Some our best cooks won’t hesitate to tell you that, when it comes to good food, mother knows best.

Prahran Market stallholder and author of <i>Sweet Greek, </i>Kathy Tsaples.
Prahran Market stallholder and author of Sweet Greek, Kathy Tsaples.

Measuring, mixing and licking the bowl — every cook has to start somewhere. We learn so much from watching our mothers in the kitchen; not just about how to create certain dishes but also the wider issues of time management, hygiene, safety and minimising waste. And how to get so proficient at cooking that the recipe barely rates a second glance.

Former MasterChef contestant Jessie Spiby remembers learning to cook from her mother and grandmother, who appeared able to whip up a three-course meal out of nothing.

Adelaide-based Spiby didn’t start out with three-course meals, though, but scones and cakes, in particular chocolate cakes.

At the time — aged about eight — she thought she was making the desserts all by herself. In hindsight, of course, she realises her mum Sally was watching over her every move.

Spiby remembers making a cake for her dad and getting confused with the ratios.
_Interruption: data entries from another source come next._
(* Let $A\subset\mathbb{R}^d$ have positive reach $\tau_A$, let $\bar\tau\in(0,\tau_A]$, and let $\mathbb{X}\subset A$ be a finite point sample that is $\delta$-dense in $A$ with $\delta<\bar\tau/4$. Let $x\in\mathbb{X}$, $\epsilon\in(0,\tau_A)$, $q\in A$, and $p\in B_\epsilon(x)\cap\mathrm{UP}(A,q)$. If $q\notin B_\epsilon(x)$, then the sphere $\partial B_\epsilon(x)$ meets the line segment $\overline{qp}$ in a unique point $y$, and $\|y-q\|\le\epsilon^2/\tau_A$.
   Context: For closed $A\subset\mathbb{R}^d$: $\mathrm{UP}(A)$ is the set of points with a unique nearest point in $A$, $\xi_A$ maps each such point to it, $\mathrm{UP}(A,q)=\{z\in\mathrm{UP}(A):\xi_A(z)=q\}$, $\mathrm{Med}(A)=\mathbb{R}^d\setminus\mathrm{UP}(A)$, reach $\tau_A=\inf_{a\in A}d(a,\mathrm{Med}(A))$. $\mathbb{X}$ is $\delta$-dense in $A$ if every point of $A$ is at distance $<\delta$ from a point of $\mathbb{X}$. $B_\epsilon(x)$ is the open Euclidean ball and $\partial B_\epsilon(x)$ its boundary sphere. *)

(* R : realType, points of R^d are row vectors 'rV[R]_d
   equipped with the EUCLIDEAN norm defined below. *)
From mathcomp Require Import all_boot all_order all_algebra.
From mathcomp Require Import all_classical all_reals all_analysis.
Set Implicit Arguments. Unset Strict Implicit. Unset Printing Implicit Defensive.
Import Order.TTheory GRing.Theory Num.Theory.
Local Open Scope classical_set_scope.
Local Open Scope ring_scope.

Section Defs.
Variables (R : realType) (d : nat).
Local Notation V := 'rV[R]_d.

Definition edot (u v : V) : R := \sum_(i < d) u ord0 i * v ord0 i.
Definition enorm (u : V) : R := Num.sqrt (edot u u).

Definition nearest (A : set V) (z q : V) : Prop :=
  A q /\ forall a, A a -> enorm (z - q) <= enorm (z - a).

Definition UP (A : set V) : set V :=
  [set z | exists q, nearest A z q /\ forall q', nearest A z q' -> q' = q].

Definition UPq (A : set V) (q : V) : set V :=
  [set z | nearest A z q /\ forall q', nearest A z q' -> q' = q].

Definition Med (A : set V) : set V := ~` UP A.

(* distance from a point to a set, in the extended reals (+oo for the empty set) *)
Definition edist (z : V) (S : set V) : \bar R :=
  ereal_inf [set (enorm (z - s))%:E | s in S].

Definition reach (A : set V) : \bar R := ereal_inf [set edist a (Med A) | a in A].

Definition eball (x : V) (eps : R) : set V := [set z | enorm (z - x) < eps].
Definition esphere (x : V) (eps : R) : set V := [set z | enorm (z - x) = eps].

Definition segment (q p : V) : set V :=
  [set y | exists2 t : R, 0 <= t <= 1 & y = (1 - t) *: q + t *: p].

Definition eclosed (A : set V) : Prop :=
  forall z, (forall e : R, 0 < e -> exists2 a, A a & enorm (z - a) < e) -> A z.

Definition dense_in (X A : set V) (delta : R) : Prop :=
  forall a, A a -> exists2 x, X x & enorm (a - x) < delta.

End Defs.

(* Let c_t be the point at distance t from q on the ray from q through p.  As q
   is the nearest point of A to p, Federer's argument shows that q stays a
   nearest point of A to c_t for every t < reach A: the set of such t is an
   interval containing its supremum T, and if T < reach A, maximising the
   distance to A over a small ball around c_T (where nearest points are unique
   and depend continuously on the point) produces a point of the ray beyond c_T
   that still projects to q.  With x in A this gives |c_t - x| >= t for all
   t < reach A.  Along the segment, s |-> |c_s - x|^2 is a monic quadratic that
   is >= eps^2 at s = 0 and < eps^2 at s = |p - q|, so it crosses eps^2 exactly
   once, at some s; comparing the two quadratic relations gives s t <= eps^2,
   whence |y - q| = s <= eps^2 / reach A. *)

From Pilot Require Import Defs.
From mathcomp Require Import all_boot all_order all_algebra.
From mathcomp Require Import all_classical all_reals all_analysis.
From mathcomp Require Import ring lra.
Import Order.TTheory GRing.Theory Num.Theory.
Import numFieldNormedType.Exports.
Local Open Scope classical_set_scope.
Local Open Scope ring_scope.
The cake looked right but tasted like bicarbonate of soda.

“You can’t get it right all the time — if you make a mistake, it’s not the end of the world,” she says. “You just start again or eat it anyway.”

As well as learning her family’s chocolate cake recipe, she was also taught about food waste: “Both my mum and grandma enjoyed cooking from scratch and I grew up not realising that was not what other people did.”

With a family background in farming, to Spiby it made sense to put care into how produce was handled. “It teaches you to really savour your food; it really influenced how I enjoy food still.”

These days her new interest in native Australian ingredients has led her to raiding her mother’s property at Willunga, South Australia, for produce.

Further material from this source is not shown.